Action item
All lines in the listing below from the one containing "exists c => // a;" through the last should be written out exactly, and only those.

Supplied records
········

(* Let $X$ be a countably infinite set and let $A$ be a finite set. Then the lattice $\mathrm{Cl}(A)$ of all clones on $A$ is isomorphic to an interval of the lattice $\mathrm{Cl}_{loc}(X)$ of local clones on $X$.
   Context: For a set $Y$ and $n\ge1$, an $n$-ary operation on $Y$ is a map $Y^n\to Y$. A clone on $Y$ is a set of finitary operations on $Y$ containing all projections $\pi^n_k(x_1,\dots,x_n)=x_k$ and closed under composition (if $f$ is $n$-ary in the set and $g_1,\dots,g_n$ are $m$-ary in the set then $f(g_1,\dots,g_n)$ is in the set); $\mathrm{Cl}(Y)$ is the lattice of all clones on $Y$ ordered by inclusion. Giving $X$ the discrete topology and $X^{X^n}$ the product topology, a clone on $X$ is local if for each $n$ its set of $n$-ary operations is closed in $X^{X^n}$; equivalently, an $n$-ary operation $g$ belongs to the clone whenever for every finite $B\subseteq X^n$ some $n$-ary operation of the clone agrees with $g$ on $B$. $\mathrm{Cl}_{loc}(X)$ is the complete lattice of local clones on $X$ ordered by inclusion. An interval of a lattice is a set $\{c: a\le c\le b\}$ for some $a\le b$, with the induced order. *)

From mathcomp Require Import all_boot.
Set Implicit Arguments. Unset Strict Implicit. Unset Printing Implicit Defensive.

(* An (n+1)-ary operation on Y (arities n >= 1 are indexed by n.+1). *)
Definition op (Y : Type) (n : nat) : Type := ('I_n.+1 -> Y) -> Y.

Definition opset (Y : Type) : Type := forall n : nat, op Y n -> Prop.

Definition opset_le (Y : Type) (C D : opset Y) : Prop :=
  forall n (f : op Y n), C n f -> D n f.

Definition opset_eq (Y : Type) (C D : opset Y) : Prop :=
  forall n (f : op Y n), C n f <-> D n f.

Definition is_clone (Y : Type) (C : opset Y) : Prop :=
  (forall n (k : 'I_n.+1), C n (fun x => x k)) /\
  (forall n m (f : op Y n) (g : 'I_n.+1 -> op Y m),
      C n f -> (forall i, C m (g i)) ->
      C m (fun x => f (fun i => g i x))).

(* Local clones: closed in the product topology (finite agreement).
   A finite set B of arguments is given as a finite family B : 'I_k -> Y^(n+1). *)
Definition is_local_clone (Y : Type) (C : opset Y) : Prop :=
  is_clone C /\
  forall n (g : op Y n),
    (forall (k : nat) (B : 'I_k -> ('I_n.+1 -> Y)),
        exists f : op Y n, C n f /\ forall j : 'I_k, f (B j) = g (B j)) ->
    C n g.

From mathcomp Require Import all_boot.
From Stdlib Require Import ClassicalEpsilon FunctionalExtensionality.
Set Implicit Arguments. Unset Strict Implicit. Unset Printing Implicit Defensive.

(* Fix an injection iota of A into X.  A clone C on A is sent to the set of
   operations on X that preserve iota(A) and whose restriction to iota(A) lies
   in C.  This map is monotone, and it reflects inclusion because every
   operation on A extends to X.  Its image is the whole interval between the
   images of the projection clone and of the clone of all operations: given a
   clone D in that interval and f whose restriction c is the restriction of
   some d in D, the operation h(z0, z) = (z0 if z is in iota(A), f z otherwise)
   restricts to a projection, hence lies in D, and f = h(d, id).  Locality
   holds because a finite set of arguments already covers iota(A)^n. *)

Definition transfer (Y Z : Type) (R : forall n, op Y n -> op Z n -> Prop)
    (C : opset Y) : opset Z :=
  fun n g => exists2 f, C n f & R n f g.

Arguments transfer {Y Z} R C n g.

Definition clone_compatible (Y Z : Type) (R : forall n, op Y n -> op Z n -> Prop) :=
  (forall n (k : 'I_n.+1), R n (fun y => y k) (fun z => z k)) /\
  (forall n m (f : op Y n) (g : 'I_n.+1 -> op Y m) (F : op Z n) (G : 'I_n.+1 -> op Z m),
      R n f F -> (forall i, R m (g i) (G i)) ->
      R m (fun y => f (fun i => g i y)) (fun z => F (fun i => G i z))).

Lemma transfer_clone (Y Z : Type) (R : forall n, op Y n -> op Z n -> Prop) (C : opset Y) :
  clone_compatible R -> is_clone C -> is_clone (transfer R C).
Proof.
move=> [Rproj Rcomp] [Cproj Ccomp]; split=> [n k|n m f g [cf Ccf Rf] Hg].
  by exists (fun y => y k); [apply: Cproj | apply: Rproj].
have [cg Hcg] : exists cg, forall i, C m (cg i) /\ R m (cg i) (g i).
  apply: (ClassicalEpsilon.choice (fun i c => C m c /\ R m c (g i))) => i.
  by have [c Cc Rc] := Hg i; exists c.
exists (fun y => cf (fun i => cg i y)).
  by apply: Ccomp => // i; case: (Hcg i).
by apply: Rcomp => // i; case: (Hcg i).
Qed.

Lemma clone_compatible_flip (Y Z : Type) (R : forall n, op Y n -> op Z n -> Prop) :
  clone_compatible R -> clone_compatible (fun n g f => R n f g).
Proof.
by move=> [Rproj Rcomp]; split=> [n k|n m f g F G fF gG]; [apply: Rproj | apply: Rcomp].
Qed.

Definition proj_opset (Y : Type) : opset Y := fun n f => exists k, forall y, f y = y k.
Definition full_opset (Y : Type) : opset Y := fun _ _ => True.

Lemma proj_opset_clone (Y : Type) : is_clone (@proj_opset Y).
Proof.
split=> [n k|n m f g [k Hk] Hg]; first by exists k.
by have [j Hj] := Hg k; exists j => y; rewrite Hk Hj.
Qed.

Lemma full_opset_clone (Y : Type) : is_clone (@full_opset Y).
Proof. by []. Qed.

Lemma proj_opset_le_clone (Y : Type) (C : opset Y) :
  is_clone C -> opset_le (@proj_opset Y) C.
Proof.
move=> [Cproj _] n f [k Hk].
by have -> : f = (fun y => y k) by apply: functional_extensionality.
Qed.

Definition ocons (T : Type) n (x : T) (f : 'I_n -> T) : 'I_n.+1 -> T :=
  fun i => if unlift ord0 i is Some j then f j else x.

Lemma ocons0 (T : Type) n (x : T) (f : 'I_n -> T) : ocons x f ord0 = x.
Proof. by rewrite /ocons unlift_none. Qed.

Lemma oconsS (T : Type) n (x : T) (f : 'I_n -> T) i : ocons x f (lift ord0 i) = f i.
Proof. by rewrite /ocons liftK. Qed.

Section Lifting.

Variables (X A : Type) (iota : A -> X).

Definition restricts_to n (f : op X n) (c : op A n) : Prop :=
  forall a, f (fun i => iota (a i)) = iota (c a).

Definition lift_opset : opset A -> opset X := transfer (fun n c f => restricts_to f c).

Definition restrict_opset : opset X -> opset A := transfer restricts_to.

Lemma restricts_to_compatible : clone_compatible restricts_to.
Proof.
split=> // n m f g F G fF gG a; rewrite -fF; congr f.
by apply: functional_extensionality => i; apply: gG.
Qed.

Lemma lift_opset_clone (C : opset A) : is_clone C -> is_clone (lift_opset C).
Proof. exact/transfer_clone/clone_compatible_flip/restricts_to_compatible. Qed.

Lemma restrict_opset_clone (D : opset X) : is_clone D -> is_clone (restrict_opset D).
Proof. exact/transfer_clone/restricts_to_compatible. Qed.

Lemma lift_opset_le (C D : opset A) :
  opset_le C D -> opset_le (lift_opset C) (lift_opset D).
Proof. by move=> CD n f [c Cc fc]; exists c => //; apply: CD. Qed.

Lemma le_lift_restrict (D : opset X) :
  opset_le D (lift_opset (@full_opset A)) -> opset_le D (lift_opset (restrict_opset D)).
Proof. by move=> DU n f Df; have [c _ fc] := DU n f Df; exists c => //; exists f. Qed.

Definition switch n (f : op X n) : op X n.+1 :=
  fun z => if excluded_middle_informative
                (exists a, forall i, z (lift ord0 i) = iota (a i))
           then z ord0 else f (fun i => z (lift ord0 i)).

Lemma switch_restricts_to_proj n (f : op X n) :
  restricts_to (switch f) (fun b => b ord0).
Proof.
move=> b; rewrite /switch; case: excluded_middle_informative => // [[]].
by exists (fun i => b (lift ord0 i)).
Qed.

Lemma switch_ocons n (f d : op X n) (c : op A n) x :
  restricts_to f c -> restricts_to d c ->
  switch f (fun i => ocons d (fun j y => y j) i x) = f x.
Proof.
move=> fc dc; rewrite /switch.
have tail_x : (fun i => ocons d (fun j y => y j) (lift ord0 i) x) = x.
  by apply: functional_extensionality => i; rewrite oconsS.
case: excluded_middle_informative => [[a xa]|_] /=; last by rewrite tail_x.
have -> : x = (fun i => iota (a i)).
  by apply: functional_extensionality => i; rewrite -xa oconsS.
by rewrite ocons0 fc dc.
Qed.

Lemma lift_restrict_le (D : opset X) :
  is_clone D -> opset_le (lift_opset (@proj_opset A)) D ->
  opset_le (lift_opset (restrict_opset D)) D.
Proof.
move=> [Dproj Dcomp] LD n f [c [d Dd dc] fc].
have Dswitch : D n.+1 (switch f).
  apply: LD; exists (fun b => b ord0); first by exists ord0.
  exact: switch_restricts_to_proj.
have Docons i : D n (ocons d (fun j y => y j) i).
  by rewrite /ocons; case: (unlift ord0 i).
have := Dcomp _ _ _ _ Dswitch Docons.
congr D; apply: functional_extensionality => x; exact: switch_ocons dc.
Qed.

Hypothesis iota_inj : injective iota.

Lemma restricts_to_inj n (f : op X n) (c c' : op A n) :
  restricts_to f c -> restricts_to f c' -> c = c'.
Proof.
move=> fc fc'; apply: functional_extensionality => a.
by apply: iota_inj; rewrite -fc fc'.
Qed.

Lemma restricts_to_ex (x0 : X) n (c : op A n) : exists f : op X n, restricts_to f c.
Proof.
suff [f Hf] : exists f : op X n, forall x a, x = (fun i => iota (a i)) -> f x = iota (c a).
  by exists f => a; apply: Hf.
apply: (ClassicalEpsilon.choice (fun (x : 'I_n.+1 -> X) y =>
  forall a, x = (fun i => iota (a i)) -> y = iota (c a))) => x.
case: (classic (exists a, x = (fun i => iota (a i)))) => [[a ->]|nx]; last first.
  by exists x0 => a xa; case: nx; exists a.
exists (iota (c a)) => a' aa'; congr (iota (c _)).
apply: functional_extensionality => i; apply: iota_inj.
exact: (congr1 (fun y => y i) aa').
Qed.

Lemma lift_opset_le_iff (x0 : X) (C D : opset A) :
  opset_le C D <-> opset_le (lift_opset C) (lift_opset D).
Proof.
split=> [|CD n c Cc]; first exact: lift_opset_le.
have [f fc] := restricts_to_ex x0 c.
have [c' Dc' fc'] := CD n f (ex_intro2 _ _ c Cc fc).
by rewrite (restricts_to_inj fc fc').
Qed.

End Lifting.

Arguments lift_opset {X A} iota C n f.

Lemma lift_opset_closed (X : Type) (A : finType) (iota : A -> X) (C : opset A) n (g : op X n) :
  (forall k (B : 'I_k -> ('I_n.+1 -> X)),
     exists f, lift_opset iota C n f /\ forall j, f (B j) = g (B j)) ->
  lift_opset iota C n g.
Proof.
move=> Hg.
have [f [[c Cc fc] fg]] :=
  Hg _ (fun (j : 'I_#|{ffun 'I_n.+1 -> A}|) i => iota (enum_val j i)).
exists c => // a; have := fg (enum_rank [ffun i => a i]); rewrite enum_rankK.
have -> : (fun i => iota ([ffun i => a i] i)) = (fun i => iota (a i)).
  by apply: functional_extensionality => i; rewrite ffunE.
by move=> <-.
Qed.

Lemma lift_opset_local_clone (X : Type) (A : finType) (iota : A -> X) (C : opset A) :
  is_clone C -> is_local_clone (lift_opset iota C).
Proof.
by move=> HC; split; [exact: lift_opset_clone | exact: lift_opset_closed].
Qed.

Theorem proposition2p2 (X : Type) (e : nat -> X) (e_bij : bijective e)
  (A : finType) :
  exists (L U : opset X),
    is_local_clone L /\ is_local_clone U /\ opset_le L U /\
    exists phi : opset A -> opset X,
      (forall C, is_clone C ->
         is_local_clone (phi C) /\ opset_le L (phi C) /\ opset_le (phi C) U) /\
      (forall D, is_local_clone D -> opset_le L D -> opset_le D U ->
         exists C, is_clone C /\ opset_eq (phi C) D) /\
      (forall C D, is_clone C -> is_clone D ->
         (opset_le C D <-> opset_le (phi C) (phi D))).
Proof.
pose iota (a : A) := e (enum_rank a).
have iota_inj : injective iota.
  by move=> a b /(bij_inj e_bij)/val_inj/enum_rank_inj.
have L_le C : is_clone C -> opset_le (lift_opset iota (@proj_opset A)) (lift_opset iota C).
  by move/proj_opset_le_clone/lift_opset_le.
have le_U C : opset_le (lift_opset iota C) (lift_opset iota (@full_opset A)).
  exact: lift_opset_le.
exists (lift_opset iota (@proj_opset A)), (lift_opset iota (@full_opset A)).
split; first exact/lift_opset_local_clone/proj_opset_clone.
split; first exact/lift_opset_local_clone/full_opset_clone.
split; first exact: le_U.
exists (lift_opset iota); split; last split.
- by move=> C HC; split; [exact: lift_opset_local_clone | split; [exact: L_le |]].
- move=> D [HD _] LD DU; exists (restrict_opset iota D).
  split; first exact: restrict_opset_clone.
  by move=> n f; split; [apply: lift_restrict_le | apply: le_lift_restrict].
- by move=> C D _ _; exact: lift_opset_le_iff iota_inj (e 0) C D.
Qed.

········

Answer section
exists c => // a; have := fg (enum_rank [ffun i => a i]); rewrite enum_rankK.
have -> : (fun i => iota ([ffun i => a i] i)) = (fun i => iota (a i)).
  by apply: functional_extensionality => i; rewrite ffunE.
by move=> <-.
Qed.

Lemma lift_opset_local_clone (X : Type) (A : finType) (iota : A -> X) (C : opset A) :
  is_clone C -> is_local_clone (lift_opset iota C).
Proof.
by move=> HC; split; [exact: lift_opset_clone | exact: lift_opset_closed].
Qed.

Theorem proposition2p2 (X : Type) (e : nat -> X) (e_bij : bijective e)
  (A : finType) :
  exists (L U : opset X),
    is_local_clone L /\ is_local_clone U /\ opset_le L U /\
    exists phi : opset A -> opset X,
      (forall C, is_clone C ->
         is_local_clone (phi C) /\ opset_le L (phi C) /\ opset_le (phi C) U) /\
      (forall D, is_local_clone D -> opset_le L D -> opset_le D U ->
         exists C, is_clone C /\ opset_eq (phi C) D) /\
      (forall C D, is_clone C -> is_clone D ->
         (opset_le C D <-> opset_le (phi C) (phi D))).
Proof.
pose iota (a : A) := e (enum_rank a).
have iota_inj : injective iota.
  by move=> a b /(bij_inj e_bij)/val_inj/enum_rank_inj.
have L_le C : is_clone C -> opset_le (lift_opset iota (@proj_opset A)) (lift_opset iota C).
  by move/proj_opset_le_clone/lift_opset_le.
have le_U C : opset_le (lift_opset iota C) (lift_opset iota (@full_opset A)).
  exact: lift_opset_le.
exists (lift_opset iota (@proj_opset A)), (lift_opset iota (@full_opset A)).
split; first exact/lift_opset_local_clone/proj_opset_clone.
split; first exact/lift_opset_local_clone/full_opset_clone.
split; first exact: le_U.
exists (lift_opset iota); split; last split.
- by move=> C HC; split; [exact: lift_opset_local_clone | split; [exact: L_le |]].
- move=> D [HD _] LD DU; exists (restrict_opset iota D).
  split; first exact: restrict_opset_clone.
  by move=> n f; split; [apply: lift_restrict_le | apply: le_lift_restrict].
- by move=> C D _ _; exact: lift_opset_le_iff iota_inj (e 0) C D.
Qed.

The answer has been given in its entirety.